Bin nämlich ins grübeln gekommen, als in einigen büchern stand die beschreibungen wären unerlässlich, hätte sonst das diagramm gemacht und daunter oder darüber etwas erläuternden text geschrieben.

allerdings ist ja der vorteil der beschreibung das man alternativen besser aufzeigen kann.

Was denkt ihr denn so.


----------



## SnooP (14. Jun 2007)

Musst du denn nen richtiges Pflichtenheft machen? Wenn ja, dann muss ja jede Anforderung durchgeplant und auch konkret sein, Use-Case-Diagramme machen dann also durchaus Sinn - aber auch nicht immer  ... also ich würde Diagramme nur malen, wenn sie auch irgendeine Aussage unterstützend beschreiben... nur damit man Seiten schindet, ist's natürlich Banane!


----------



## WeirdAl (14. Jun 2007)

Hi,
bei Diplomarbeiten gilt: Frag deinen dich betreuenden Prof was er genau haben will . 
Bei nicht komplexen Anwendungsfällen würde ich diese als Diagramms darstellen, da Bilder mehr sagen als 1024 Worte. Wenn  Du jedoch zB viele einzelne Teilschritte in deinen Anwendungsfällen hast, würde ich doch eher auf Beschreibungen zurückgreifen.

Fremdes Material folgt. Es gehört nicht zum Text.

Lemma motzkin_weight_sum_O sigma m n :
  motzkin_weight_sum sigma 0 m n = if Nat.eqb m n then 1 else 0.
Proof.
  unfold motzkin_weight_sum, path_end. simpl.
  destruct (Nat.eqb m n); unfold sumR, path_weight; simpl; ring.
Qed.

Lemma motzkin_weight_sum_S sigma L m n :
  motzkin_weight_sum sigma (S L) m n =
  motzkin_weight_sum sigma L (S m) n + sigma * motzkin_weight_sum sigma L m n +
  match m with O => 0 | S k => motzkin_weight_sum sigma L k n end.
Proof.
  assert (E : forall L m,
    motzkin_weight_sum sigma L m n = end_weight_sum sigma n (motzkin_from m L)) by reflexivity.
  rewrite !E. cbn [motzkin_from]. rewrite !map_app, !end_weight_sum_app.
  rewrite (end_weight_sum_cons _ _ m (S m) (motzkin_from (S m) L)),
    (end_weight_sum_cons _ _ m m (motzkin_from m L)) by apply motzkin_from_head.
  rewrite Nat.eqb_refl. replace (Nat.eqb m (S m)) with false by (symmetry; apply Nat.eqb_neq; lia).
  destruct m as [|k]; [unfold end_weight_sum; simpl; ring|].
  rewrite (end_weight_sum_cons _ _ (S k) k), E by apply motzkin_from_head.
  replace (Nat.eqb (S k) k) with false by (symmetry; apply Nat.eqb_neq; lia).
  simpl. ring.
Qed.

Lemma motzkin_weight_sum_far sigma L m n :
  (m + L < n)%nat -> motzkin_weight_sum sigma L m n = 0.
Proof.
  intros Hn. unfold motzkin_weight_sum.
  rewrite (filter_ext_in _ (fun _ => false)), filter_false; [reflexivity|].
  intros g Hg. apply Nat.eqb_neq. apply path_end_motzkin_from_le in Hg. lia.
Qed.

Lemma sumR_map_group_end (F : nat -> R) (w : list nat -> R) l N :
  (forall g, In g l -> (path_end g <= N)%nat) ->
  sumR (map (fun g => F (path_end g) * w g) l) =
  sum_f_R0 (fun n => F n * sumR (map w (filter (fun g => Nat.eqb (path_end g) n) l))) N.
Proof.
  induction l as [|g l IH]; intros Hl.
  - symmetry. apply sum_eq_R0. intros n _. unfold sumR. simpl. ring.
  - rewrite (sum_eq _ (fun n => (if Nat.eqb (path_end g) n then F n * w g else 0) +
         F n * sumR (map w (filter (fun g => Nat.eqb (path_end g) n) l)))).
    + rewrite sum_plus, sum_f_R0_indicator, <- IH by (intros; apply Hl; simpl; auto).
      unfold sumR. simpl. ring.
    + intros n _. simpl. destruct (Nat.eqb (path_end g) n); unfold sumR; simpl; ring.
Qed.

Lemma sumR_motzkin_from_endpoints sigma L (alpha beta : nat -> R) z0 z1 m :
  sumR (map (fun g => alpha (path_start g) * beta (path_end g) * path_weight sigma g
                      * z0 ^ path_start g * z1 ^ path_end g) (motzkin_from m L))
  = alpha m * z0 ^ m * Series (fun n => beta n * z1 ^ n * motzkin_weight_sum sigma L m n).
Proof.
  rewrite (sumR_map_ext _ (fun g => alpha m * z0 ^ m *
             (beta (path_end g) * z1 ^ path_end g * path_weight sigma g))).
  2:{ intros g Hg. rewrite (path_start_motzkin_from _ _ _ Hg). ring. }
  rewrite sumR_map_scal, (sumR_map_group_end (fun n => beta n * z1 ^ n) _ _ (m + L))
    by apply path_end_motzkin_from_le.
  rewrite (Series_eventually_zero _ (m + L)); [reflexivity|].
  intros n Hn. rewrite motzkin_weight_sum_far by lia. ring.
Qed.

Definition endpoint_series (sigma : R) (L : nat) (alpha beta : nat -> R) (z0 z1 : R) : R :=
  Series (fun m => alpha m * z0 ^ m *
    Series (fun n => beta n * z1 ^ n * motzkin_weight_sum sigma L m n)).

Lemma partition_fn_eq sigma L alpha beta :
  partition_fn alpha beta sigma L = endpoint_series sigma L alpha beta 1 1.
Proof.
  apply Series_ext. intros m. rewrite <- sumR_motzkin_from_endpoints.
  apply sumR_map_ext. intros g _. rewrite !pow1. ring.
Qed.

Lemma expect_gen_eq sigma L alpha beta z0 z1 :
  expect_gen alpha beta sigma L z0 z1 =
  endpoint_series sigma L alpha beta z0 z1 / partition_fn alpha beta sigma L.
Proof.
  unfold expect_gen, sum_over_paths, endpoint_series, Rdiv.
  rewrite Rmult_comm, <- Series_scal_l.
  apply Series_ext. intros m.
  rewrite <- sumR_motzkin_from_endpoints, <- sumR_map_scal.
  apply sumR_map_ext. intros g _. unfold path_prob, Rdiv. ring.
Qed.

Lemma is_RInt_cheb_u_moment sigma L : forall m n,
  is_RInt (fun x => cheb_u m x * cheb_u n x * (x + sigma) ^ L * sqrt (4 - x ^ 2)) (-2) 2
    (2 * PI * motzkin_weight_sum sigma L m n).
Proof.
  induction L as [|L IH]; intros m n.
  - rewrite motzkin_weight_sum_O.
    eapply is_RInt_ext_eq; [| | apply (is_RInt_cheb_u_orthogonal m n)].
    + intros x _. simpl. ring.
    + destruct (Nat.eqb m n); ring.
  - rewrite motzkin_weight_sum_S.
    set (v := fun k x => cheb_u k x * cheb_u n x * (x + sigma) ^ L * sqrt (4 - x ^ 2)).
    assert (Hmul : forall x,
      cheb_u m x * cheb_u n x * (x + sigma) ^ S L * sqrt (4 - x ^ 2) =
      ((x + sigma) * cheb_u m x) * cheb_u n x * (x + sigma) ^ L * sqrt (4 - x ^ 2))
      by (intros x; simpl; ring).
    destruct m as [|k].
    + eapply (is_RInt_ext_eq (fun x => v 1%nat x + sigma * v 0%nat x)).
      3: apply is_RInt_Rplus; [|apply is_RInt_Rmult_l]; apply IH.
      * intros x _. rewrite Hmul, cheb_u_mul_shift. unfold v. ring.
      * ring.
    + eapply (is_RInt_ext_eq (fun x => v (S (S k)) x + sigma * v (S k) x + v k x)).
      3: apply is_RInt_Rplus; [apply is_RInt_Rplus; [|apply is_RInt_Rmult_l]|]; apply IH.
      * intros x _. rewrite Hmul, cheb_u_mul_shift. unfold v. ring.
      * ring.
Qed.

Lemma Rabs_coef_cheb_u_le (a : nat -> R) z n y :
  0 <= a n -> Rabs z <= 1 -> -2 <= y <= 2 ->
  Rabs (a n * z ^ n * cheb_u n y) <= a n * (INR n + 1).
Proof.
  intros Ha Hz Hy.
  rewrite !Rabs_mult, <- RPow_abs, (Rabs_pos_eq (a n) Ha).
  assert (Rabs z ^ n <= 1) by (rewrite <- (pow1 n); apply pow_incr; auto using Rabs_pos).
  pose proof (pow_le (Rabs z) n (Rabs_pos z)). pose proof (Rabs_cheb_u_le n y Hy).
  pose proof (Rabs_pos (cheb_u n y)). pose proof (pos_INR n).
  rewrite Rmult_assoc. apply Rmult_le_compat_l; [exact Ha|].
  rewrite <- (Rmult_1_l (INR n + 1)). apply Rmult_le_compat; auto.
Qed.

Lemma ex_series_mul_succ (a : nat -> R) :
  (forall n, 0 <= a n) -> ex_series (fun n => INR n * a n) ->
  ex_series (fun n => a n * (INR n + 1)).
Proof.
  intros Ha H.
  (* from index 1 on, a_n (n + 1) <= 2 n a_n *)
  apply (ex_series_incr_1 (K := R_AbsRing) (V := R_NormedModule)).
  apply (ex_series_incr_1 (K := R_AbsRing) (V := R_NormedModule)) in H.
  apply (ex_series_Rabs_le _ (fun n => 2 * (INR (S n) * a (S n)))).
  - intros n. pose proof (Ha (S n)). pose proof (pos_INR n).
    rewrite S_INR, Rabs_pos_eq; nra.
  - apply (ex_series_scal_l (K := R_AbsRing) (V := R_NormedModule)), H.
Qed.

Lemma Rabs_Phi_le (a : nat -> R) z y :
  (forall n, 0 <= a n) -> Rabs z <= 1 -> -2 <= y <= 2 ->
  ex_series (fun n => a n * (INR n + 1)) ->
  Rabs (Phi a z y) <= Series (fun n => a n * (INR n + 1)).
Proof.
  intros Ha Hz Hy HB. unfold Phi.
  assert (Hle := fun n => Rabs_coef_cheb_u_le a z n y (Ha n) Hz Hy).
  eapply Rle_trans; [apply Series_Rabs|apply Series_le; auto using Rabs_pos].
  apply (ex_series_Rabs_le _ _ (fun n => ltac:(rewrite Rabs_Rabsolu; apply Hle)) HB).
Qed.

Section GeneratingFunctions.

Variables (sigma : R) (L : nat).

Lemma is_RInt_Phi_mul_cheb_u (beta : nat -> R) z m :
  (forall n, 0 <= beta n) -> ex_series (fun n => INR n * beta n) -> Rabs z <= 1 ->
  is_RInt (fun x => Phi beta z x * (cheb_u m x * (x + sigma) ^ L * sqrt (4 - x ^ 2))) (-2) 2
    (2 * PI * Series (fun n => beta n * z ^ n * motzkin_weight_sum sigma L m n)).
Proof.
  intros Hb Hmom Hz.
  rewrite <- Series_scal_l.
  apply (is_RInt_Series_mul _ _ (fun n => beta n * (INR n + 1)) _
           ((INR m + 1) * (2 + Rabs sigma) ^ L * 2)).
  - lra.
  - apply ex_series_mul_succ; auto.
  - intros n x Hx. apply Rabs_coef_cheb_u_le; auto.
  - intros x Hx. apply Rabs_mult3_le;
      auto using Rabs_cheb_u_le, Rabs_pow_shift_le, Rabs_semicircle_le.
  - intros n. eapply is_RInt_ext_eq;
      [| |exact (is_RInt_Rmult_l _ _ _ (beta n * z ^ n) _ (is_RInt_cheb_u_moment sigma L m n))].
    + intros x _. cbv beta. ring.
    + ring.
Qed.

Lemma is_RInt_Mfun_integrand (alpha beta : nat -> R) z0 z1 :
  (forall n, 0 <= alpha n) -> (forall n, 0 <= beta n) ->
  ex_series (fun n => INR n * alpha n) -> ex_series (fun n => INR n * beta n) ->
  Rabs z0 <= 1 -> Rabs z1 <= 1 ->
  is_RInt (fun x => Phi alpha z0 x * Phi beta z1 x * (x + sigma) ^ L * sqrt (4 - x ^ 2)) (-2) 2
    (2 * PI * Series (fun m => alpha m * z0 ^ m *
       Series (fun n => beta n * z1 ^ n * motzkin_weight_sum sigma L m n))).
Proof.
  intros Ha Hb Hma Hmb Hz0 Hz1.
  rewrite <- Series_scal_l.
  eapply is_RInt_ext_eq
    with (f := fun x => Phi alpha z0 x * (Phi beta z1 x * (x + sigma) ^ L * sqrt (4 - x ^ 2)));
    [intros x _; ring | reflexivity |].
  apply (is_RInt_Series_mul _ _ (fun n => alpha n * (INR n + 1)) _
           (Series (fun n => beta n * (INR n + 1)) * (2 + Rabs sigma) ^ L * 2)).
  - lra.
  - apply ex_series_mul_succ; auto.
  - intros n x Hx. apply Rabs_coef_cheb_u_le; auto.
  - intros x Hx. apply Rabs_mult3_le; auto using Rabs_pow_shift_le, Rabs_semicircle_le.
    apply Rabs_Phi_le; auto using ex_series_mul_succ.
  - intros m. eapply is_RInt_ext_eq;
      [| |exact (is_RInt_Rmult_l _ _ _ (alpha m * z0 ^ m) _
                 (is_RInt_Phi_mul_cheb_u beta z1 m Hb Hmb Hz1))].
    + intros x _. cbv beta. ring.
    + ring.
Qed.

End GeneratingFunctions.

Lemma Mfun_eq sigma L alpha beta z0 z1 :
  (forall n, 0 <= alpha n) -> (forall n, 0 <= beta n) ->
  ex_series (fun n => INR n * alpha n) -> ex_series (fun n => INR n * beta n) ->
  Rabs z0 <= 1 -> Rabs z1 <= 1 ->
  Mfun alpha beta sigma L z0 z1 = endpoint_series sigma L alpha beta z0 z1.
Proof.
  intros Ha Hb Hma Hmb Hz0 Hz1. unfold Mfun, endpoint_series.
  rewrite (is_RInt_unique_R _ _ _ _ (is_RInt_Mfun_integrand sigma L alpha beta z0 z1
                                         Ha Hb Hma Hmb Hz0 Hz1)).
  field. apply PI_neq0.
Qed.

Theorem lemma3p1 (sigma : R) (alpha beta : nat -> R)
  (Hsigma : 0 < sigma)
  (Ha0 : forall n, 0 <= alpha n) (Hb0 : forall n, 0 <= beta n)
  (Ha_nz : exists n, alpha n <> 0) (Hb_nz : exists n, beta n <> 0)
  (Ha_mom : ex_series (fun n => INR n * alpha n))
  (Hb_mom : ex_series (fun n => INR n * beta n)) :
  forall L : nat, (1 <= L)%nat ->
    (forall m n : nat,
       / (2 * PI) * RInt (fun x => cheb_u m x * cheb_u n x * (x + sigma) ^ L
                                   * sqrt (4 - x ^ 2)) (-2) 2
       = motzkin_weight_sum sigma L m n)
    /\
    (forall z0 z1 : R, Rabs z0 <= 1 -> Rabs z1 <= 1 ->
       expect_gen alpha beta sigma L z0 z1
       = Mfun alpha beta sigma L z0 z1 / Mfun alpha beta sigma L 1 1).
Proof.
  intros L _. split.
  - intros m n. rewrite (is_RInt_unique_R _ _ _ _ (is_RInt_cheb_u_moment sigma L m n)).
    field. apply PI_neq0.
  - intros z0 z1 Hz0 Hz1.
    assert (H1 : Rabs 1 <= 1) by (rewrite Rabs_R1; lra).
    rewrite expect_gen_eq, partition_fn_eq, !Mfun_eq; auto.
Qed.
Lemma limit_q0_bound n : (n < N)%nat -> Rabs (Q0 n) <= K.
Proof.
  intros Hn. apply Rle_plus_epsilon. intros e He. destruct (Hq0 e He) as [k Hk].
  specialize (Hk k (le_n k) n Hn). pose proof (HK k n Hn).
  pose proof (Rabs_triang (Q0 n - fq (x k) 0 n) (fq (x k) 0 n)) as Htri. rewrite Rabs_minus_sym in Hk.
  replace (Q0 n - fq (x k) 0 n + fq (x k) 0 n) with (Q0 n) in Htri by ring. lra.
Qed.

Lemma limit_q_initial n : (n < N)%nat -> fq h 0 n = Q0 n.
Proof.
  intros Hn. simpl. rewrite (IminusRT_ext N Rm _ (fun _ => 0)); [unfold IminusRT; rewrite fsum_zero by (intros; ring); ring | | exact Hn].
  intros m Hm. rewrite limit_y0, fsum_zero by (auto; intros j Hj; rewrite limit_s0 by exact Hj; ring). ring.
Qed.

Lemma limit_q_cvg : unif_cvg N T (fun k n t => fq (x k) t n) (fun n t => fq h t n).
Proof.
  intros e He.
  set (C := 2 + (1 + INR N) * (INR M * L + 1)).
  assert (HC : 1 <= C) by (unfold C; pose proof (pos_INR N); pose proof (pos_INR M);
    pose proof (sched_bound_ge1 _ _ _ _ _ Hok); assert (0 <= INR M * L) by nra; nra).
  assert (Hd : 0 < e / C) by (apply Rdiv_lt_0_compat; lra).
  pose proof (eventually_and le _ _ nat_le_total_order (Ha _ Hd)
    (eventually_and le _ _ nat_le_total_order (Hy _ Hd)
      (eventually_and le _ _ nat_le_total_order (Hs _ Hd) (Hq0 _ Hd)))) as Hev.
  revert Hev. apply eventually_mono. intros k (Hak & Hyk & Hsk & Hqk) n t Hn Ht.
  erewrite fluid_queue; eauto.
  eapply Rle_trans.
  { simpl. apply (queue_diff_bound N M sched Rm L n _ _ _ _ _ _ _ _ (e / C) (e / C) (e / C) (e / C)).
    - exact Hn.
    - intros m Hm. apply (network_routing_bounds _ _ _ _ _ Hok); auto.
    - intros j m Hj Hm. apply (sched_le_bound _ _ _ _ _ Hok); auto.
    - apply Hqk; auto.
    - apply Hak; auto.
    - intros j Hj. apply Hsk; auto.
    - intros m Hm. apply Hyk; auto. }
  right. unfold C. field. pose proof (pos_INR N). pose proof (pos_INR M).
  pose proof (sched_bound_ge1 _ _ _ _ _ Hok). assert (0 <= INR M * L) by nra. nra.
Qed.
Fixpoint subseq_of (h : nat -> nat) (k : nat) : nat :=
  match k with O => h O | S k' => h (S (subseq_of h k')) end.

Lemma not_cv0_subseq_away (u : nat -> R) :
  ~ Un_cv u 0 -> exists (phi : nat -> nat) (eps : R),
    (forall k, (phi k < phi (S k))%nat) /\ 0 < eps /\ forall k, eps <= Rabs (u (phi k)).
Proof.
  intros Hncv.
  assert (Hinf : exists eps, 0 < eps /\ forall N, exists n, (N <= n)%nat /\ eps <= Rabs (u n)).
  { apply NNPP. intro Hno. apply Hncv. intros eps Heps.
    apply NNPP. intro Hn. apply Hno. exists eps. split; [exact Heps|].
    intros N. apply NNPP. intro Hm. apply Hn. exists N. intros n Hn'.
    unfold R_dist. rewrite Rminus_0_r. apply Rnot_le_lt. intro Hl. apply Hm. exists n. auto. }
  destruct Hinf as [eps [Heps Hinf]].
  destruct (choice _ Hinf) as [h Hh].
  exists (subseq_of h), eps. split; [|split; [exact Heps|]].
  - intros k. exact (proj1 (Hh (S (subseq_of h k)))).
  - intros [|k]; apply Hh.
Qed.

Aber wie gesagt, frag als erstes deinen Prof was er haben will.

Cu
Alex


----------



## Guest (14. Jun 2007)

Hallo,

in der diplomarbeit geht es um reengineering eines programmes, und für die istanalyse wollte ich halt die derzeitigen anwendungsfälle darstellen um zu zeigen was die software leistet und leisten muss


----------